Segment Start: RECORDS FOR THIS EXERCISE

(* Let $G,H$ be simple graphs, $k\in\mathbb N$, and let $\Phi$ be a level-$k$ quantum isomorphism map from $G$ to $H$. Then $\Phi(\boldsymbol F_GX)=\boldsymbol F_H\Phi(X)$ and $\Phi(X\boldsymbol F_G)=\Phi(X)\boldsymbol F_H$ for all $\boldsymbol F\in\mathcal Q_k$ and all $X\in\mathbb C^{V(G)^k\times V(G)^k}$.
   Context: Homomorphism tensors: for a $(k,k)$-bilabelled graph $\boldsymbol F=(F,\boldsymbol u,\boldsymbol v)$ ($\boldsymbol u,\boldsymbol v\in V(F)^k$), $\boldsymbol F_G\in\mathbb C^{V(G)^k\times V(G)^k}$ has $(\boldsymbol x,\boldsymbol y)$-entry the number of homomorphisms $h:F\to G$ with $h(u_i)=x_i$, $h(v_i)=y_i$. Bilabelled minors: via edge contraction, edge deletion, deletion of unlabelled vertices. $\boldsymbol C_k$: vertices $[2k]$, in-labels $(1,\dots,k)$, out-labels $(k+1,\dots,2k)$, edges $\{i,i+1\}$ ($i\in[2k]\setminus\{k,2k\}$), $\{1,k+1\},\{k,2k\}$; $\boldsymbol M_k$: same vertices/labels, edges $\{i,i+k\}$, $i\in[k]$. $\mathcal Q_k^P,\mathcal Q_k^S$ = bilabelled minors of $\boldsymbol C_k,\boldsymbol M_k$; $\mathcal Q_k$ their union. For $\sigma\in\mathfrak S_{2k}$, $(X^\sigma)_{\boldsymbol z}=X_{\boldsymbol w}$ with $w_{\sigma(i)}=z_i$ (index pairs viewed as $2k$-tuples). $\mathscr C_k$ = cyclic group of rotations of the cyclic sequence $(1,\dots,k,2k,\dots,k+1)$. A level-$k$ quantum isomorphism map from $G$ to $H$ is a linear $\Phi:\mathbb{C}^{V(G)^k\times V(G)^k}\to\mathbb{C}^{V(H)^k\times V(H)^k}$ that is completely positive, with $\Phi(\boldsymbol F_G\odot X)=\boldsymbol F_H\odot\Phi(X)$ for $\boldsymbol F\in\mathcal Q_k^P$ and all $X$ ($\odot$ entrywise), $\Phi(I)=I=\Phi^*(I)$, $\Phi(J)=J=\Phi^*(J)$ ($J$ all-ones, $\Phi^*$ the trace-inner-product adjoint), $\Phi(\boldsymbol F_G)=\boldsymbol F_H$ for all $\boldsymbol F\in\mathcal Q_k$, and $\Phi(X^\sigma)=\Phi(X)^\sigma$ for $\sigma\in\mathscr C_k$. *)

From HB Require Import structures.
From mathcomp Require Import all_boot all_order fingroup perm all_algebra.
Set Implicit Arguments. Unset Strict Implicit. Unset Printing Implicit Defensive.
Import Order.TTheory GRing.Theory Num.Theory.
Local Open Scope ring_scope.

Notation idx V k := {ffun 'I_k -> V}.
Notation Mat C V k := {ffun (idx V k * idx V k) -> C}.

Section Mats.
Variables (C : numClosedFieldType) (V : finType) (k : nat).

Definition mmul (X Y : Mat C V k) : Mat C V k :=
  [ffun xz => \sum_(y : idx V k) X (xz.1, y) * Y (y, xz.2)].
Definition hprod (X Y : Mat C V k) : Mat C V k := [ffun xy => X xy * Y xy].
Definition idM : Mat C V k := [ffun xy => (xy.1 == xy.2)%:R].
Definition allones : Mat C V k := [ffun _ => 1].
Definition elemM (ab : idx V k * idx V k) : Mat C V k := [ffun xy => (xy == ab)%:R].
Definition tinner (A B : Mat C V k) : C := \sum_(xy : idx V k * idx V k) (A xy)^* * B xy.

Definition join2 (x y : idx V k) (i : 'I_(k + k)) : V :=
  match split i with inl j => x j | inr j => y j end.
Definition unjoin2 (w : 'I_(k + k) -> V) : idx V k * idx V k :=
  ([ffun j => w (lshift k j)], [ffun j => w (rshift k j)]).

(* (X^sigma)_z = X_w where w_{sigma(i)} = z_i, i.e. w = z o sigma^-1 *)
Definition permM (s : {perm 'I_(k + k)}) (X : Mat C V k) : Mat C V k :=
  [ffun xy => X (unjoin2 (fun j => join2 xy.1 xy.2 ((s^-1)%g j)))].
End Mats.

(* Adjoint w.r.t. the trace inner product: <X, Phi^* Y> = <Phi X, Y>,
   so (Phi^* Y)_ab = <Phi E_ab, Y>. *)
Definition adjoint (C : numClosedFieldType) (VG VH : finType) (k : nat)
  (Phi : Mat C VG k -> Mat C VH k) (Y : Mat C VH k) : Mat C VG k :=
  [ffun ab => tinner (Phi (elemM C ab)) Y].

Definition psd (C : numClosedFieldType) (I : finType) (M : I -> I -> C) : Prop :=
  (forall i j, M j i = (M i j)^*) /\
  (forall x : I -> C, 0 <= \sum_(i : I) \sum_(j : I) (x i)^* * M i j * x j).

(* complete positivity: id_m (x) Phi maps PSD block matrices to PSD ones, for every m.
   A block matrix in M_m(C^{V^k x V^k}) is Y : 'I_m -> 'I_m -> Mat, with rows/columns
   indexed by 'I_m * V^k. *)
Definition completely_positive (C : numClosedFieldType) (VG VH : finType) (k : nat)
  (Phi : Mat C VG k -> Mat C VH k) : Prop :=
  forall (m : nat) (Y : 'I_m -> 'I_m -> Mat C VG k),
    psd (fun (pa qb : 'I_m * idx VG k) => Y pa.1 qb.1 (pa.2, qb.2)) ->
    psd (fun (pa qb : 'I_m * idx VH k) => Phi (Y pa.1 qb.1) (pa.2, qb.2)).

Definition linearP (C : numClosedFieldType) (VG VH : finType) (k : nat)
  (Phi : Mat C VG k -> Mat C VH k) : Prop :=
  forall (a : C) (X Y : Mat C VG k),
    Phi ([ffun xy => a * X xy] + Y) = [ffun xy => a * Phi X xy] + Phi Y.

Record bgraph (k : nat) := BGraph {
  bV : finType;
  bE : rel bV;            (* symmetric adjacency relation *)
  bin : 'I_k -> bV;
  bout : 'I_k -> bV
}.
Arguments bV {k} _.
Arguments bE {k} _.
Arguments bin {k} _.
Arguments bout {k} _.

Definition homT (C : numClosedFieldType) (k : nat) (F : bgraph k)
  (V : finType) (E : rel V) : Mat C V k :=
  [ffun xy : idx V k * idx V k =>
     #|[pred h : {ffun bV F -> V} |
        [forall a, forall b, bE F a b ==> E (h a) (h b)] &&
        [forall i, (h (bin F i) == xy.1 i) && (h (bout F i) == xy.2 i)]]|%:R].

Section Minors.
Variables (k : nat) (F : bgraph k).

Definition del_edge (a b : bV F) : bgraph k :=
  @BGraph k (bV F)
    (fun x y => bE F x y && ~~ (((x == a) && (y == b)) || ((x == b) && (y == a))))
    (bin F) (bout F).

Definition del_vertex (a : bV F)
  (Hin : forall i, bin F i != a) (Hout : forall i, bout F i != a) : bgraph k :=
  @BGraph k {x : bV F | x != a}
    (fun x y => bE F (val x) (val y))
    (fun i => exist _ (bin F i) (Hin i))
    (fun i => exist _ (bout F i) (Hout i)).

Definition cmap (a b : bV F) (x : bV F) : bV F := if x == b then a else x.

Lemma cmap_neq (a b : bV F) (Hne : a != b) (x : bV F) : cmap a b x != b.
Proof. rewrite /cmap; case: (x =P b) => [_|/eqP] //. Qed.

Definition contract (a b : bV F) (Hne : a != b) : bgraph k :=
  @BGraph k {x : bV F | x != b}
    (fun x y => [exists x0 : bV F, exists y0 : bV F,
       [&& cmap a b x0 == val x, cmap a b y0 == val y, bE F x0 y0 &
           ~~ (((x0 == a) && (y0 == b)) || ((x0 == b) && (y0 == a)))]])
    (fun i => exist _ (cmap a b (bin F i)) (cmap_neq Hne (bin F i)))
    (fun i => exist _ (cmap a b (bout F i)) (cmap_neq Hne (bout F i))).
End Minors.

Inductive minor_of (k : nat) (F0 : bgraph k) : bgraph k -> Prop :=
| mo_refl : minor_of F0 F0
| mo_del_edge (F : bgraph k) (a b : bV F) :
    bE F a b -> minor_of F0 F -> minor_of F0 (@del_edge k F a b)
| mo_del_vertex (F : bgraph k) (a : bV F)
    (Hin : forall i, bin F i != a) (Hout : forall i, bout F i != a) :
    minor_of F0 F -> minor_of F0 (@del_vertex k F a Hin Hout)
| mo_contract (F : bgraph k) (a b : bV F) (Hne : a != b) :
    bE F a b -> minor_of F0 F -> minor_of F0 (@contract k F a b Hne).

(* C_k : vertices 0..2k-1 (paper's 1..2k shifted by one), in-labels 0..k-1,
   out-labels k..2k-1, edges {i,i+1} (i+1 <> k, 2k), {0,k}, {k-1,2k-1}. *)
Definition Ck_rel (k : nat) (i j : nat) : bool :=
  [|| (j == i.+1) && ((i.+1 < k) || ((k <= i) && (i.+1 < k + k)))%N,
      (0 < k)%N && (i == 0%N) && (j == k)
    | (0 < k)%N && (i == k.-1) && (j == (k + k).-1)].

Definition Ck (k : nat) : bgraph k :=
  @BGraph k 'I_(k + k)
    (fun x y => Ck_rel k (val x) (val y) || Ck_rel k (val y) (val x))
    (fun i => lshift k i) (fun i => rshift k i).

Definition Mk_rel (k : nat) (i j : nat) : bool := (i < k)%N && (j == i + k)%N.

Definition Mk (k : nat) : bgraph k :=
  @BGraph k 'I_(k + k)
    (fun x y => Mk_rel k (val x) (val y) || Mk_rel k (val y) (val x))
    (fun i => lshift k i) (fun i => rshift k i).

Definition QP (k : nat) (F : bgraph k) : Prop := minor_of (Ck k) F.
Definition QS (k : nat) (F : bgraph k) : Prop := minor_of (Mk k) F.
Definition Q (k : nat) (F : bgraph k) : Prop := QP F \/ QS F.

(* 0-indexed position -> element of the cyclic sequence (0,..,k-1,2k-1,..,k) *)
Definition cseq_nat (k i : nat) : nat := if (i < k)%N then i else ((k + k).-1 - (i - k))%N.
Definition cseq (k : nat) (i : 'I_(k + k)) : 'I_(k + k) := insubd i (cseq_nat k (val i)).

Definition rotation (k : nat) (s : {perm 'I_(k + k)}) : Prop :=
  exists r : nat, forall i j : 'I_(k + k),
    val j = ((val i + r) %% (k + k))%N -> s (cseq i) = cseq j.

Definition qiso_map (C : numClosedFieldType) (VG VH : finType) (EG : rel VG) (EH : rel VH)
  (k : nat) (Phi : Mat C VG k -> Mat C VH k) : Prop :=
  [/\ linearP Phi /\ completely_positive Phi,
      (forall F : bgraph k, QP F -> forall X : Mat C VG k,
          Phi (hprod (homT C F EG) X) = hprod (homT C F EH) (Phi X)),
      [/\ Phi (idM C VG k) = idM C VH k, adjoint Phi (idM C VH k) = idM C VG k,
          Phi (allones C VG k) = allones C VH k & adjoint Phi (allones C VH k) = allones C VG k],
      (forall F : bgraph k, Q F -> Phi (homT C F EG) = homT C F EH) &
      (forall s : {perm 'I_(k + k)}, rotation s ->
          forall X : Mat C VG k, Phi (permM s X) = permM s (Phi X))].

Segment End: RECORDS FOR THIS EXERCISE

### DESCRIPTION OF THE TASK
Your answer should be the exact lines above from the one with "bout : 'I_k -> bV" through the one with "Section Minors.", both included, and nothing besides.

### WRITTEN REPLY
  bout : 'I_k -> bV
}.
Arguments bV {k} _.
Arguments bE {k} _.
Arguments bin {k} _.
Arguments bout {k} _.

Definition homT (C : numClosedFieldType) (k : nat) (F : bgraph k)
  (V : finType) (E : rel V) : Mat C V k :=
  [ffun xy : idx V k * idx V k =>
     #|[pred h : {ffun bV F -> V} |
        [forall a, forall b, bE F a b ==> E (h a) (h b)] &&
        [forall i, (h (bin F i) == xy.1 i) && (h (bout F i) == xy.2 i)]]|%:R].

Section Minors.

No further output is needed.